Captain Cook in Hawaii
The Captain Cook in Hawaii
A person that has had considerable influence in Hawaii’s history was British explorer, Captain James Cook. In addition to exploring uncharted areas of the Pacific, he was the first European to make contact with people of Hawaiian Islands. Here is the story of Captain Cook in Hawaii. It started when his ship, the HMS Resolution, landed at Waimea on the island of Kauai in 1778. As with most Europeans when first landing on places not seen before, he gave this place the name, Sandwich Islands. He did this in honor of the Lord of Sandwich, who was the acting First Lord of the Admiralty.
Cook made a second journey to the Hawaiian Islands in 1779. He landed at Kealakekua Bay on the island now known as the Big Island of Hawaii. After staying for a month, friction developed between Cook’s men and the local Hawaiians. This culminated in a fight between the parties. During this time, Cook attempted to kidnap the king of the island, Kalani’opu’u as retribution. During the struggle that ensued, Cook and a number of his men were killed. Today, you can still see a landmark in Kealakeakua Bay which tells the story about this incident.
The Legacy of Captain Cook in Hawaii
Cook had a lasting legacy throughout the Pacific as well as in Hawaii. It was through his exploits that brought more European explorers and settlers into areas like Hawaii and other parts of Polynesia. And when America became independent of British control, it also led to more settlers into Hawaii. But this time, they came from America. Despite the tragedy that surrounded the death of Captain Cook, the British and the Hawaii royalty later formed a strong relationship with each other.

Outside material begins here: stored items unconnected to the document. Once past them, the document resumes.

(* Let $K$ be a spherically complete valued field, $d\ge1$, and $C\subseteq K^d$ an $\mathcal{O}$-submodule. Then there exist a complete flag of $K$-linear subspaces $\{0\}\subsetneq F_1\subsetneq F_2\subsetneq\dots\subsetneq F_d=K^d$ (so $\dim F_i=i$) and nonempty upwards closed subsets $\Delta_1\supseteq\Delta_2\supseteq\dots\supseteq\Delta_d$ of $\Gamma\cup\{\infty\}$ such that $$C=\{v_1+\dots+v_d:\ v_i\in F_i,\ \nu_{K^d}(v_i)\in\Delta_i \text{ for all } i\}.$$
   Context: $K$ is a field with valuation $\nu:K\to\Gamma\cup\{\infty\}$ ($\Gamma$ an ordered abelian group, $\infty$ above all of $\Gamma$), valuation ring $\mathcal{O}=\{x:\nu(x)\ge0\}$. On $K^d$, $\nu_{K^d}(x_1,\dots,x_d)=\min_i\nu(x_i)$. A ball in $K$ is $\{x:\nu(x-c)\ge r\}$ or $\{x:\nu(x-c)>r\}$ ($c\in K$, $r\in\Gamma$); $K$ is spherically complete if every nested (totally ordered by inclusion) family of balls has nonempty intersection. A subset $\Delta\subseteq\Gamma\cup\{\infty\}$ is upwards closed if $\gamma\in\Delta$, $\delta\ge\gamma$ imply $\delta\in\Delta$. *)

From HB Require Import structures.
From mathcomp Require Import all_boot all_order all_algebra.
Set Implicit Arguments. Unset Strict Implicit. Unset Printing Implicit Defensive.
Import GRing.Theory.
Local Open Scope ring_scope.

Section Valued.
Variable G : zmodType.
Variable leG : rel G.

Definition ordered_abelian_group : Prop :=
  [/\ (forall a, leG a a),
      (forall a b, leG a b -> leG b a -> a = b),
      (forall a b c, leG a b -> leG b c -> leG a c),
      (forall a b, leG a b || leG b a)
    & (forall a b c, leG a b -> leG (a + c) (b + c))].

(* Gamma u {oo} is represented by option G, with None = oo (above all of Gamma) *)
Definition leE (x y : option G) : bool :=
  match x, y with
  | _, None => true
  | None, Some _ => false
  | Some a, Some b => leG a b
  end.
Definition ltE (x y : option G) : bool := leE x y && ~~ leE y x.
Definition addE (x y : option G) : option G :=
  match x, y with Some a, Some b => Some (a + b) | _, _ => None end.
Definition minE (x y : option G) : option G := if leE x y then x else y.

Variable K : fieldType.
Variable nu : K -> option G.

Definition is_valuation : Prop :=
  [/\ (forall x, nu x = None <-> x = 0),
      (forall x y, nu (x * y) = addE (nu x) (nu y))
    & (forall x y, leE (minE (nu x) (nu y)) (nu (x + y)))].

Definition in_O (a : K) : bool := leE (Some 0) (nu a).

Definition is_ball (B : K -> Prop) : Prop :=
  exists (c : K) (r : G),
    (forall x, B x <-> leE (Some r) (nu (x - c))) \/
    (forall x, B x <-> ltE (Some r) (nu (x - c))).

Definition spherically_complete : Prop :=
  forall S : (K -> Prop) -> Prop,
    (forall B, S B -> is_ball B) ->
    (forall B1 B2, S B1 -> S B2 ->
        (forall x, B1 x -> B2 x) \/ (forall x, B2 x -> B1 x)) ->
    exists x, forall B, S B -> B x.

Definition nu_vec (d : nat) (v : 'rV[K]_d) : option G :=
  foldr minE None [seq nu (v ord0 i) | i <- enum 'I_d].

Definition is_O_submodule (d : nat) (C : 'rV[K]_d -> Prop) : Prop :=
  [/\ C 0,
      (forall x y, C x -> C y -> C (x + y))
    & (forall a x, in_O a -> C x -> C (a *: x))].

Definition upwards_closed (D : option G -> Prop) : Prop :=
  forall g h, D g -> leE g h -> D h.
End Valued.

From HB Require Import structures.
From mathcomp Require Import all_boot all_order all_algebra.
From mathcomp Require Import ring.
From Stdlib Require Import Classical.
Set Implicit Arguments. Unset Strict Implicit. Unset Printing Implicit Defensive.
Import GRing.Theory.
Local Open Scope ring_scope.

(* (1) Spherical completeness, stated for balls, extends to every nested
       family of nonempty O-convex sets (closed under x + a (y - z), a in O):
       first in K, where each member contains a ball containing a smaller
       member, then in K^d, fixing one coordinate at a time.
   (2) For C supported on a set J of coordinates, some coordinate k is a
       pivot (a coordinate of minimal valuation) for vectors of C of
       arbitrarily small valuation; (1) applied to the sets
       {u | u_k = 1, u integral, c_k u in C} gives a direction u such that
       lambda u is in C whenever nu(lambda) is a value of C.
   (3) By induction on |J|: decompose C' = C meet {x_k = 0}, supported in
       J \ k, add the line <u> to every subspace and put the values of C in
       front.  The theorem is the case where J contains every coordinate. *)

Lemma coinitial_member (T : Type) (I : eqType) (R : rel T) (V : I -> T -> Prop)
    (s : seq I) :
  (forall x y, R x y || R y x) -> (forall x y z, R x y -> R y z -> R x z) ->
  (exists k w, k \in s /\ V k w) ->
  exists2 k, k \in s & forall l w, l \in s -> V l w -> exists2 v, V k v & R v w.
Proof.
move=> tot tr; elim: s => [|a s IH]; first by case=> k [w []].
move=> _; have refl x : R x x by have := tot x x; rewrite orbb.
case: (classic (exists k w, k \in s /\ V k w)) => [ne|empty]; last first.
  exists a; first exact: mem_head.
  move=> l w; rewrite in_cons => /orP [/eqP -> hw|ls hw]; first by exists w.
  by exfalso; apply: empty; exists l, w.
have [k ks mk] := IH ne.
case: (classic (forall w, V a w -> exists2 v, V k v & R v w)) => [ha|].
  exists k; first by rewrite in_cons ks orbT.
  by move=> l w; rewrite in_cons => /orP [/eqP ->|ls]; [apply: ha | apply: mk].
move=> /not_all_ex_not [w0 not_lb]; have [hw0 nb] := imply_to_and _ _ not_lb.
exists a; first exact: mem_head.
move=> l w; rewrite in_cons => /orP [/eqP -> hw|ls hw]; first by exists w.
have [v hv hvw] := mk l w ls hw; exists w0 => //; apply: (tr _ _ _ _ hvw).
by case/orP: (tot w0 v) => // hv0; exfalso; apply: nb; exists v.
Qed.

Section Valuation.
Variables (K : fieldType) (G : zmodType) (leG : rel G).
Hypothesis HG : ordered_abelian_group leG.
Variable nu : K -> option G.
Hypothesis Hnu : is_valuation leG nu.

Local Notation le := (leE leG).

Lemma leG_anti a b : leG a b -> leG b a -> a = b.
Proof. by case: HG => _ h _ _ _; apply: h. Qed.
Lemma leG_total a b : leG a b || leG b a. Proof. by case: HG. Qed.
Lemma leG_add a b c : leG a b -> leG (a + c) (b + c).
Proof. by case: HG => _ _ _ _ h; apply: h. Qed.

Lemma leE_refl x : le x x. Proof. by case: x => //= a; case: HG. Qed.
Lemma leE_trans x y z : le x y -> le y z -> le x z.
Proof. by case: x; case: y; case: z => //= a b c; case: HG => _ _ h _ _; apply: h. Qed.
Lemma leE_total x y : le x y || le y x.
Proof. by case: x; case: y => //= a b; apply: leG_total. Qed.
Lemma leE_None x : le x None. Proof. by case: x. Qed.
Lemma leE_Nonel x : le None x -> x = None. Proof. by case: x. Qed.
Lemma leE_nle x y : ~~ le x y -> le y x.
Proof. by move=> h; move: (leE_total x y); rewrite (negbTE h). Qed.

Lemma leE_min g x y : le g (minE leG x y) = le g x && le g y.
Proof.
rewrite /minE; case: ifP => hxy; apply/idP/andP => [hg|[]//].
  by split=> //; apply: leE_trans hxy.
by split=> //; apply: leE_trans hg (leE_nle (negbT hxy)).
Qed.

Lemma leE_addr x y : le (Some 0) y -> le x (addE x y).
Proof. by case: x; case: y => //= t s h; move: (leG_add s h); rewrite add0r addrC. Qed.

Lemma nu_eq0 x : nu x = None <-> x = 0. Proof. by case: Hnu. Qed.
Lemma nu0 : nu 0 = None. Proof. exact/nu_eq0. Qed.
Lemma nuM x y : nu (x * y) = addE (nu x) (nu y). Proof. by case: Hnu. Qed.

Lemma nu_ultra g x y : le g (nu x) -> le g (nu y) -> le g (nu (x + y)).
Proof.
by case: Hnu => _ _ hD hx hy; apply: leE_trans (hD x y); rewrite leE_min hx hy.
Qed.

Lemma nu_Some x : x != 0 -> exists s, nu x = Some s.
Proof.
move=> x0; case e: (nu x) => [s|]; first by exists s.
by move/nu_eq0: e x0 => ->; rewrite eqxx.
Qed.

Lemma nu1 : nu 1 = Some 0.
Proof.
have [s hs] := nu_Some (oner_neq0 K).
have := nuM 1 1; rewrite mulr1 hs /= => -[] e.
by congr Some; apply: (@addrI _ s); rewrite addr0 -e.
Qed.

One can still see the strength of this relationship today. The Hawaiian flag is largely patterned after the British flag. There is town with the name Captain Cook on the Big Island. The first missionaries to Hawaii were British before American missionaries from New England replaced them. These missionaries introduced the Hawaiians to the Protestant religion. They were instrumental in establishing a number of renowned preparatory schools that still exist today. For a time, the British protected Hawaii’s independence from Russian and American interests. And even today, you can see a number of establishments and places with the term, Sandwich Islands, in their names.